### EXERCISE AIM
For the entries below, the result should be an exact transcription of the lines from the one with "NoDup xs -> length xs = length As ->" up to and including the one with "destruct (exists_strict_upper_bound (vars", and only those.

### THE DATA

Theorem lemma4p1 (k : nat) (s t : 'I_k -> nat)
  (A E : 'M[CC]_(\sum_(i < k) s i, \sum_(j < k) t j)) :
  (0 < k)%N ->
  (* t_1 >= s_1 >= t_2 >= s_2 >= ... >= t_k >= s_k >= 0 *)
  (forall i : 'I_k, (s i <= t i)%N) ->
  (forall i j : 'I_k, val j = (val i).+1 -> (t j <= s i)%N) ->
  (* blocks strictly below the block diagonal vanish, for both matrices *)
  (forall i j : 'I_k, (j < i)%N ->
     submxblock A i j = 0 /\ submxblock E i j = 0) ->
  (* the block-diagonal blocks of A vanish *)
  (forall i : 'I_k, submxblock A i i = 0) ->
  (* A_{i,i+1} = [hat A_{i,i+1}; 0], hat A_{i,i+1} square upper triangular invertible *)
  (forall i j : 'I_k, val j = (val i).+1 ->
     (forall (r : 'I_(s i)) (c : 'I_(t j)), (t j <= r)%N -> submxblock A i j r c = 0)
     /\ upper_tri (topblock (t j) (submxblock A i j))
     /\ topblock (t j) (submxblock A i j) \in unitmx) ->
  (* E_{i,i} = [0, hat E_{i,i}], hat E_{i,i} square upper triangular invertible *)
  (forall i : 'I_k,
     (forall (r : 'I_(s i)) (c : 'I_(t i)), (c < t i - s i)%N -> submxblock E i i r c = 0)
     /\ upper_tri (rightblock (s i) (submxblock E i i))
     /\ rightblock (s i) (submxblock E i i) \in unitmx) ->
  exists (S : 'M[CC]_(\sum_(i < k) s i)) (T : 'M[CC]_(\sum_(j < k) t j)),
    unit_upper_tri S /\ unit_upper_tri T /\
    (forall i j : 'I_k,
       submxblock (invmx S *m A *m T) i j =
         (if val j == (val i).+1 then submxblock A i j else 0)
       /\ (j != i -> submxblock (invmx S *m E *m T) i j = 0)) /\
    (forall i : 'I_k, submxblock (invmx S *m E *m T) i i = submxblock E i i).
Proof.
move=> _ _ _ lower_zero A_diag_zero A_stair E_stair.
have A_upper : block_upper 1 A.
  move=> i j; rewrite addn1 ltnS leq_eqVlt => /orP[/eqP ij | /lower_zero[] //].
  by have -> : j = i by apply/val_inj.
have E_upper : block_upper 0 E by move=> i j; rewrite addn0 => /lower_zero[].
have A_stair_full l j : val j = (val l).+1 -> row_full (submxblock A l j).
  by move=> /A_stair[_ [_]]; apply: row_full_topblock.
have E_diag_free i : row_free (submxblock E i i).
  by have [_ [_]] := E_stair i; apply: row_free_rightblock.
have [S [T [S_tri T_tri AT ET]]] :=
  pencil_block_bidiagonal A_upper E_upper A_stair_full E_diag_free.
exists S, T; split=> //; split=> //.
have S_unit := unit_upper_tri_unitmx S_tri.
rewrite -!mulmxA AT ET !mulKmx //.
split=> [i j | i]; last by rewrite mxblockK eqxx.
by rewrite !mxblockK; split=> // /negbTE; rewrite eq_sym => ->.
Qed.
(* Let $\beta,\mu,\alpha,\omega,\delta,m_1,m_2,a_1,a_2$ be positive real numbers and consider the system of ordinary differential equations $$\dot S = S(\beta-\mu S) - S f_2(I,V),\qquad \dot I = S f_2(I,V) - \alpha I,\qquad \dot V = -\omega V + \delta I,$$ where $$f_2(I,V)=\frac{m_1 I}{a_1+I+V}+\frac{m_2 V}{a_2+I+V}.$$ Define $$\mathcal{R}_0=\frac{m_1a_2+\frac{\delta}{\omega}m_2a_1}{\alpha a_1a_2}\cdot\frac{\beta}{\mu}.$$ Then the system has an equilibrium $(S',I',V')$ with $S'>0$, $I'>0$, $V'>0$ if and only if $\mathcal{R}_0>1$, and when $\mathcal{R}_0>1$ such a positive equilibrium is unique.
   Context: $S$ denotes susceptible fish, $I$ infected fish and $V$ free virus (rescaled); $\beta$ is the birth rate and $\mu$ the density-dependent mortality rate of susceptible fish, $\alpha$ the mortality rate of infected fish, $\delta$ the viral shedding rate, $\omega$ the viral clearance rate, and $m_1,m_2,a_1,a_2$ are parameters of the force of infection. An equilibrium is a point at which all three right-hand sides vanish; a positive (endemic) equilibrium is one with all coordinates strictly positive. *)

From Stdlib Require Import Reals Lra.
Open Scope R_scope.

Definition f2 (m1 m2 a1 a2 I V : R) : R :=
  m1 * I / (a1 + I + V) + m2 * V / (a2 + I + V).

Definition rhsS (beta mu m1 m2 a1 a2 S I V : R) : R :=
  S * (beta - mu * S) - S * f2 m1 m2 a1 a2 I V.
Definition rhsI (alpha m1 m2 a1 a2 S I V : R) : R :=
  S * f2 m1 m2 a1 a2 I V - alpha * I.
Definition rhsV (omega delta I V : R) : R :=
  - omega * V + delta * I.

Definition is_equilibrium (beta mu alpha omega delta m1 m2 a1 a2 S I V : R) : Prop :=
  rhsS beta mu m1 m2 a1 a2 S I V = 0 /\
  rhsI alpha m1 m2 a1 a2 S I V = 0 /\
  rhsV omega delta I V = 0.

Definition is_positive_equilibrium (beta mu alpha omega delta m1 m2 a1 a2 S I V : R) : Prop :=
  0 < S /\ 0 < I /\ 0 < V /\
  is_equilibrium beta mu alpha omega delta m1 m2 a1 a2 S I V.

Definition basicR0 (beta mu alpha omega delta m1 m2 a1 a2 : R) : R :=
  (m1 * a2 + delta / omega * m2 * a1) / (alpha * a1 * a2) * (beta / mu).

From Stdlib Require Import Reals Ranalysis5 Lra Psatz.
Open Scope R_scope.

(* At an equilibrium the virus equation forces V = k I with k = delta/omega,
   and on that ray f2(I, kI) = I g(I) with g positive and strictly decreasing
   while I g(I) is strictly increasing.  The infected equation gives
   S = alpha / g(I), and the susceptible equation then says that I is a
   positive root of r(x) = beta - mu alpha / g(x) - x g(x).  This r is strictly
   decreasing and eventually negative, so a positive root exists iff r(0) > 0,
   which is exactly R0 > 1, and it is unique. *)

Lemma saturating_increasing m a c x y : 0 < m -> 0 < a -> 0 <= c -> 0 <= x -> x < y ->
  m * x / (a + c * x) < m * y / (a + c * y).
Proof.
  intros hm ha hc hx hxy.
  assert (Hdiff : m * y / (a + c * y) - m * x / (a + c * x)
                  = m * a * (y - x) / ((a + c * x) * (a + c * y)))
    by (field; split; nra).
  assert (0 < m * a * (y - x) / ((a + c * x) * (a + c * y)))
    by (apply Rdiv_lt_0_compat; repeat apply Rmult_lt_0_compat; nra).
  lra.
Qed.

Section F2OnRay.

Variables m1 m2 a1 a2 k : R.
Hypotheses (hm1 : 0 < m1) (hm2 : 0 < m2) (ha1 : 0 < a1) (ha2 : 0 < a2) (hk : 0 < k).

Definition f2_slope (x : R) : R :=
  m1 / (a1 + (1 + k) * x) + m2 * k / (a2 + (1 + k) * x).

Lemma f2_slope_pos x : 0 <= x -> 0 < f2_slope x.
Proof.
  intros hx. unfold f2_slope.
  apply Rplus_lt_0_compat; apply Rdiv_lt_0_compat; nra.
Qed.

Lemma f2_slope_decreasing x y : 0 <= x -> x < y -> f2_slope y < f2_slope x.
Proof.
  intros hx hxy. unfold f2_slope, Rdiv.
  apply Rplus_lt_compat; apply Rmult_lt_compat_l; try nra;
    apply Rinv_lt_contravar; try apply Rmult_lt_0_compat; nra.
Qed.

Lemma mul_f2_slope x :
  0 <= x -> x * f2_slope x = m1 * x / (a1 + (1 + k) * x) + (m2 * k) * x / (a2 + (1 + k) * x).
Proof. intros hx. unfold f2_slope. field. split; nra. Qed.

Lemma mul_f2_slope_increasing x y : 0 <= x -> x < y ->
  x * f2_slope x < y * f2_slope y.
Proof.
  intros hx hxy. rewrite !mul_f2_slope by lra.
  apply Rplus_lt_compat; apply saturating_increasing; nra.
Qed.

Lemma f2_ray x : 0 <= x -> f2 m1 m2 a1 a2 x (k * x) = x * f2_slope x.
Proof.
  intros hx. rewrite mul_f2_slope by lra. unfold f2.
  replace (a1 + x + k * x) with (a1 + (1 + k) * x) by ring.
  replace (a2 + x + k * x) with (a2 + (1 + k) * x) by ring.
  field. split; nra.
Qed.

Lemma f2_slope_lt_hyperbola x : 0 < x -> f2_slope x < (m1 + m2 * k) / ((1 + k) * x).
Proof.
  intros hx.
  replace ((m1 + m2 * k) / ((1 + k) * x))
    with (m1 / ((1 + k) * x) + m2 * k / ((1 + k) * x)) by (field; nra).
  unfold f2_slope, Rdiv.
  apply Rplus_lt_compat; apply Rmult_lt_compat_l; try nra;
    apply Rinv_lt_contravar; try apply Rmult_lt_0_compat; nra.
Qed.

Lemma f2_slope_continuous x : 0 <= x -> continuity_pt f2_slope x.
Proof. intros hx. unfold f2_slope. reg; nra. Qed.

End F2OnRay.

Section EquilibriumResidual.

Variables beta mu alpha m1 m2 a1 a2 k : R.
Hypotheses (hbeta : 0 < beta) (hmu : 0 < mu) (halpha : 0 < alpha)
  (hm1 : 0 < m1) (hm2 : 0 < m2) (ha1 : 0 < a1) (ha2 : 0 < a2) (hk : 0 < k).

Let g := f2_slope m1 m2 a1 a2 k.
Let g_pos x : 0 <= x -> 0 < g x.
Proof. exact (f2_slope_pos m1 m2 a1 a2 k hm1 hm2 ha1 ha2 hk x). Qed.

Definition equilibrium_residual (x : R) : R :=
  beta - mu * alpha / g x - x * g x.

Lemma equilibrium_residual_decreasing x y : 0 <= x -> x < y ->
  equilibrium_residual y < equilibrium_residual x.
Proof.
  intros hx hxy. unfold equilibrium_residual.
  assert (Hg : g y < g x) by (apply f2_slope_decreasing; auto).
  assert (Hxg : x * g x < y * g y) by (apply mul_f2_slope_increasing; auto).
  assert (mu * alpha / g x < mu * alpha / g y).
  { unfold Rdiv. apply Rmult_lt_compat_l; [nra|].
    apply Rinv_lt_contravar; [apply Rmult_lt_0_compat|]; try apply g_pos; lra. }
  lra.
Qed.

Lemma equilibrium_residual_inj x y : 0 <= x -> 0 <= y ->
  equilibrium_residual x = equilibrium_residual y -> x = y.
Proof.
  intros hx hy hxy.
  destruct (Rtotal_order x y) as [Hlt | [Heq | Hgt]]; auto.
  - pose proof (equilibrium_residual_decreasing x y hx Hlt). lra.
  - pose proof (equilibrium_residual_decreasing y x hy Hgt). lra.
Qed.

Lemma equilibrium_residual_continuous x : 0 <= x -> continuity_pt equilibrium_residual x.
Proof.
  intros hx. pose proof (g_pos x hx).
  assert (continuity_pt g x) by (apply f2_slope_continuous; lra).
  unfold equilibrium_residual.
  apply continuity_pt_minus; [apply continuity_pt_minus|].
  - apply continuity_pt_const. intros u v. reflexivity.
  - apply continuity_pt_div; [apply continuity_pt_const; intros u v; reflexivity | assumption | lra].
  - apply continuity_pt_mult; [apply derivable_continuous_pt, derivable_pt_id | assumption].
Qed.

Lemma equilibrium_residual_neg_somewhere : exists x, 0 < x /\ equilibrium_residual x < 0.
Proof.
  (* x0 is where the bound (m1 + m2 k) / ((1 + k) x) on the slope equals mu alpha / beta *)
  set (x0 := beta * (m1 + m2 * k) / ((1 + k) * (mu * alpha))).
  assert (hx0 : 0 < x0) by (unfold x0; apply Rdiv_lt_0_compat; repeat apply Rmult_lt_0_compat; nra).
  exists x0. split; [exact hx0|].
  pose proof (g_pos x0 (Rlt_le _ _ hx0)) as hg.
  assert (Hslope : g x0 < mu * alpha / beta).
  { replace (mu * alpha / beta) with ((m1 + m2 * k) / ((1 + k) * x0))
      by (unfold x0; field; repeat split; nra).
    apply f2_slope_lt_hyperbola; auto. }
  assert (beta < mu * alpha / g x0).
  { assert (Hgap : mu * alpha / g x0 - beta = (mu * alpha - beta * g x0) / g x0)
      by (field; lra).
    assert (beta * g x0 < mu * alpha).
    { apply (Rmult_lt_compat_l beta) in Hslope; [|exact hbeta].
      replace (beta * (mu * alpha / beta)) with (mu * alpha) in Hslope by (field; lra).
      exact Hslope. }
    assert (0 < (mu * alpha - beta * g x0) / g x0) by (apply Rdiv_lt_0_compat; lra).
    lra. }
  unfold equilibrium_residual. fold g. nra.
Qed.

Lemma equilibrium_residual_root_iff :
  (exists x, 0 < x /\ equilibrium_residual x = 0) <-> 0 < equilibrium_residual 0.
Proof.
  split.
  - intros [x [hx Hr]].
    pose proof (equilibrium_residual_decreasing 0 x (Rle_refl 0) hx). lra.
  - intros H0.
    destruct equilibrium_residual_neg_somewhere as [x0 [hx0 Hx0]].
    destruct (IVT_interv (fun x => - equilibrium_residual x) 0 x0) as [z [[hz0 hzx0] Hz]];
      [| lra | lra | lra |].
    + intros a Ha. apply continuity_pt_opp, equilibrium_residual_continuous. lra.
    + exists z. split; [|lra].
      destruct hz0 as [hz0 | <-]; [exact hz0 | lra].
Qed.

End EquilibriumResidual.

Lemma Rdiv_pos_iff p q : 0 < q -> 0 < p / q <-> 0 < p.
Proof.
  intros hq. split; intros H.
  - replace p with (p / q * q) by (field; lra). nra.
  - apply Rdiv_lt_0_compat; assumption.
Qed.

Section Model.

Variables beta mu alpha omega delta m1 m2 a1 a2 : R.
Hypotheses (hmu : 0 < mu) (halpha : 0 < alpha) (homega : 0 < omega)
  (hdelta : 0 < delta) (hm1 : 0 < m1) (hm2 : 0 < m2) (ha1 : 0 < a1) (ha2 : 0 < a2).

Let k := delta / omega.
Let hk : 0 < k.
Proof. apply Rdiv_lt_0_compat; assumption. Qed.
Let g := f2_slope m1 m2 a1 a2 k.
Let r := equilibrium_residual beta mu alpha m1 m2 a1 a2 k.

Lemma positive_equilibrium_iff S I V :
  is_positive_equilibrium beta mu alpha omega delta m1 m2 a1 a2 S I V <->
  0 < I /\ V = k * I /\ S = alpha / g I /\ r I = 0.
Proof.
  pose proof hk as hk.
  unfold is_positive_equilibrium, is_equilibrium, rhsS, rhsI, rhsV, r,
    equilibrium_residual.
  fold g.
  split.
  - intros [hS [hI [hV [eS [eI eV]]]]].
    assert (HV : V = k * I).
    { unfold k. replace V with (omega * V / omega) by (field; lra).
      replace (omega * V) with (delta * I) by lra. field. lra. }
    subst V. rewrite f2_ray in eS, eI by lra. fold g in eS, eI.
    assert (hg : 0 < g I) by (apply f2_slope_pos; lra).
    assert (HSg : S * g I = alpha) by (apply (Rmult_eq_reg_l I); lra).
    assert (HS : S = alpha / g I) by (rewrite <- HSg; field; lra).
    assert (Hbal : beta - mu * S - I * g I = 0) by (apply (Rmult_eq_reg_l S); lra).
    replace (mu * alpha / g I) with (mu * S) by (rewrite HS; field; lra).
    repeat split; assumption.
  - intros [hI [-> [-> Hr]]].
    rewrite f2_ray by lra. fold g.
    assert (hg : 0 < g I) by (apply f2_slope_pos; lra).
    repeat split.
    + apply Rdiv_lt_0_compat; assumption.
    + assumption.
    + apply Rmult_lt_0_compat; assumption.
    + replace (alpha / g I * (beta - mu * (alpha / g I)) - alpha / g I * (I * g I))
        with (alpha / g I * (beta - mu * alpha / g I - I * g I)) by (field; lra).
      rewrite Hr. ring.
    + field. lra.
    + unfold k. field. lra.
Qed.

Lemma basicR0_gt1_iff : 1 < basicR0 beta mu alpha omega delta m1 m2 a1 a2 <-> 0 < r 0.
Proof.
  pose proof hk as hk.
  assert (hg0 : 0 < g 0) by (apply f2_slope_pos; lra).
  assert (hR0 : basicR0 beta mu alpha omega delta m1 m2 a1 a2
                = 1 + (beta * g 0 - mu * alpha) / (alpha * mu)).
  { unfold basicR0, g, f2_slope. fold k. field. repeat split; lra. }
  assert (hr0 : r 0 = (beta * g 0 - mu * alpha) / g 0).
  { unfold r, equilibrium_residual. fold g. field. lra. }
  rewrite hR0, hr0, Rdiv_pos_iff by lra.
  rewrite <- (Rdiv_pos_iff _ (alpha * mu)) by nra.
  lra.
Qed.

End Model.

Theorem mainTheorem1 (beta mu alpha omega delta m1 m2 a1 a2 : R)
  (hbeta : 0 < beta) (hmu : 0 < mu) (halpha : 0 < alpha) (homega : 0 < omega)
  (hdelta : 0 < delta) (hm1 : 0 < m1) (hm2 : 0 < m2) (ha1 : 0 < a1) (ha2 : 0 < a2) :
  ((exists S I V, is_positive_equilibrium beta mu alpha omega delta m1 m2 a1 a2 S I V)
     <-> 1 < basicR0 beta mu alpha omega delta m1 m2 a1 a2) /\
  (1 < basicR0 beta mu alpha omega delta m1 m2 a1 a2 ->
     forall S I V S' I' V',
       is_positive_equilibrium beta mu alpha omega delta m1 m2 a1 a2 S I V ->
       is_positive_equilibrium beta mu alpha omega delta m1 m2 a1 a2 S' I' V' ->
       S = S' /\ I = I' /\ V = V').
Proof.
  assert (hk : 0 < delta / omega) by (apply Rdiv_lt_0_compat; assumption).
  pose proof (positive_equilibrium_iff beta mu alpha omega delta m1 m2 a1 a2
                halpha homega hdelta hm1 hm2 ha1 ha2) as Heq.
  rewrite basicR0_gt1_iff, <- equilibrium_residual_root_iff by assumption.
  split; [split|].
  - intros [S [I [V HE]]]. apply Heq in HE as [hI [_ [_ Hr]]]. exists I. auto.
  - intros [I [hI Hr]].
    exists (alpha / f2_slope m1 m2 a1 a2 (delta / omega) I), I, (delta / omega * I).
    apply Heq. auto.
  - intros _ S I V S' I' V' HE HE'.
    apply Heq in HE as [hI [-> [-> Hr]]], HE' as [hI' [-> [-> Hr']]].
    assert (I = I') by (apply (equilibrium_residual_inj beta mu alpha m1 m2 a1 a2 (delta / omega)); lra).
    subst I'. auto.
Qed.
Lemma translates_gen G' t A t' :
  occurs 0 A -> translates (lift_ctx G') t A t' -> translates G' t (Defs.Forall A) t'.
Proof.
  intros Hocc (Ht' & Hn' & Hl' & Hfv).
  split; [apply T_gen; assumption|]. split; [exact Hn'|]. split.
  - intros Hl. destruct (Hl' Hl) as [|He]; [left; assumption|].
    right; apply head_erased_lift_ctx; assumption.
  - intros y Hy Hl. apply (Hfv y Hy). rewrite lookup_lift_ctx, Hl. reflexivity.
Qed.

Lemma translates_inst G' t A C t' :
  proper C -> translates G' t (Defs.Forall A) t' -> translates G' t (subst 0 C A) t'.
Proof. intros HC (Ht' & Hrest). split; [apply T_inst; assumption|exact Hrest]. Qed.

Lemma translate G t T :
  typ G t T -> forall G', erases G G' -> normal t -> absent a t ->
  exists t', translates G' t T t'.
Proof.
  intros Ht; induction Ht as [G x A Hx | G x B t C HB Ht IH
                             | G u v B C Hu IHu Hv IHv | G t A Hocc Ht IH
                             | G t A C HC Ht IH];
    intros G' HGG' Hn Ha;
    [ destruct (head_erased_dec G' (Var x)) as [He|Hne] | simpl in Hn, Ha
    | destruct (head_erased_dec G' (App u v)) as [He|Hne]
    | destruct (head_erased_dec G' t) as [He|Hne]
    | destruct (head_erased_dec G' t) as [He|Hne] ];
    try solve [eexists; apply (translates_stub G); eauto using typ].
  - assert (Hx' : lookup x G' = Some A).
    { destruct HGG' as [_ HG]. simpl in Ha.
      destruct (HG x Ha) as [E | [E _]]; [congruence|].
      exfalso; apply Hne; exists x; auto. }
    exists (Var x). split; [apply T_ax; assumption|].
    split; [exact I|]. split; [intros []|].
    simpl; intros y -> Hl; congruence.
  - destruct Ha as [Hxa Ha].
    destruct (IH _ (erases_cons G G' x B Hxa HGG') Hn Ha) as [t' Ht'].
    exists (Lam x t'). apply translates_lam; assumption.
  - apply normal_app in Hn as (Hlu & Hnu & Hnv). destruct Ha as [Hau Hav].
    destruct (IHu G' HGG' Hnu Hau) as [u' Hu'].
    destruct (IHv G' HGG' Hnv Hav) as [v' Hv'].
    exists (App u' v'). apply (translates_app G' u v B); assumption.
  - destruct (IH _ (erases_lift_ctx G G' HGG') Hn Ha) as [t' Ht'].
    exists t'. apply translates_gen; assumption.
  - destruct (IH _ HGG' Hn Ha) as [t' Ht'].
    exists t'. apply translates_inst; assumption.
Qed.

End Translation.

Lemma erases_singleton k a G :
  (forall y A, lookup y G = Some A -> proper A /\ ends_with_const k A) ->
  erases k a G [(a, TConst k)].
Proof.
  intros HG. split; [simpl; rewrite Nat.eqb_refl; reflexivity|].
  intros y Hy. simpl. replace (y =? a) with false by (symmetry; apply Nat.eqb_neq; auto).
  destruct (lookup y G) as [A|] eqn:E; [right|left; reflexivity].
  split; [reflexivity|]. exists A. split; [reflexivity|]. exact (HG y A E).
Qed.

Lemma lookup_combine_In y xs As A : lookup y (combine xs As) = Some A -> In A As.
Proof.
  revert As; induction xs as [|x xs IH]; intros [|B As]; simpl; try discriminate.
  destruct (y =? x); [intros E; injection E as ->; left; reflexivity|].
  intros E; right; exact (IH As E).
Qed.

Fixpoint vars (t : term) : list nat :=
  match t with
  | Var y => [y]
  | Lam x u => x :: vars u
  | App u v => vars u ++ vars v
  end.

Lemma absent_of_vars_lt a t : (forall y, In y (vars t) -> y < a) -> absent a t.
Proof.
  induction t as [y|x u IH|u IHu v IHv]; simpl; intros H.
  - specialize (H y (or_introl eq_refl)). lia.
  - split; [specialize (H x (or_introl eq_refl)); lia|]. auto.
  - split; [apply IHu|apply IHv]; intros y Hy; apply H, in_or_app; auto.
Qed.

Lemma exists_strict_upper_bound (l : list nat) : exists a, forall y, In y l -> y < a.
Proof.
  induction l as [|x l [b Hb]]; [exists 0; intros _ []|].
  exists (S (max x b)). intros y [<-|Hy]; [lia|]. specialize (Hb y Hy). lia.
Qed.

Theorem theorem2p1p1 (S : ty) :
  closed_ty S -> proper S -> ~ contains_O S ->
  (output_type S <->
   forall (t : term) (xs : list nat) (As : list ty),
     NoDup xs -> length xs = length As ->
     (forall A, In A As -> proper A /\ ends_with_O A) ->
     normal t ->
     typ (combine xs As) t S ->
     forall x, In x xs -> ~ free_in x t).
Proof.
  intros Hc Hp HO. split.
  - intros (_ & _ & _ & Hout) t xs As _ _ HAs Hn Ht x Hx Hfree.
    destruct (exists_strict_upper_bound (vars t ++ xs)) as [a Ha].
    assert (Hxa : x <> a) by (enough (x < a) by lia; apply Ha, in_or_app; auto).
    assert (HGG' : erases 0 a (combine xs As) [(a, O)]).
    { apply erases_singleton. intros y A E. apply HAs, (lookup_combine_In y xs As A E). }
    assert (Hat : absent a t).
    { apply absent_of_vars_lt. intros y Hy. apply Ha, in_or_app; auto. }
    destruct (translate 0 a _ _ _ Ht _ HGG' Hn Hat) as [t' (Ht' & Hn' & _ & Hfv)].
    apply (Hout t' a Hn' Ht'), (Hfv x Hfree). simpl.
    replace (x =? a) with false by (symmetry; apply Nat.eqb_neq; assumption).
    reflexivity.
  - intros H. split; [assumption|split; [assumption|split; [assumption|]]].
    intros t alpha Hn Ht.
    apply (H t [alpha] [O]); simpl; auto.
    + constructor; [intros []|constructor].
    + intros A [<-|[]]. split; [exact I|constructor].
Qed.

### RESPONSE AREA
     NoDup xs -> length xs = length As ->
     (forall A, In A As -> proper A /\ ends_with_O A) ->
     normal t ->
     typ (combine xs As) t S ->
     forall x, In x xs -> ~ free_in x t).
Proof.
  intros Hc Hp HO. split.
  - intros (_ & _ & _ & Hout) t xs As _ _ HAs Hn Ht x Hx Hfree.
    destruct (exists_strict_upper_bound (vars t ++ xs)) as [a Ha].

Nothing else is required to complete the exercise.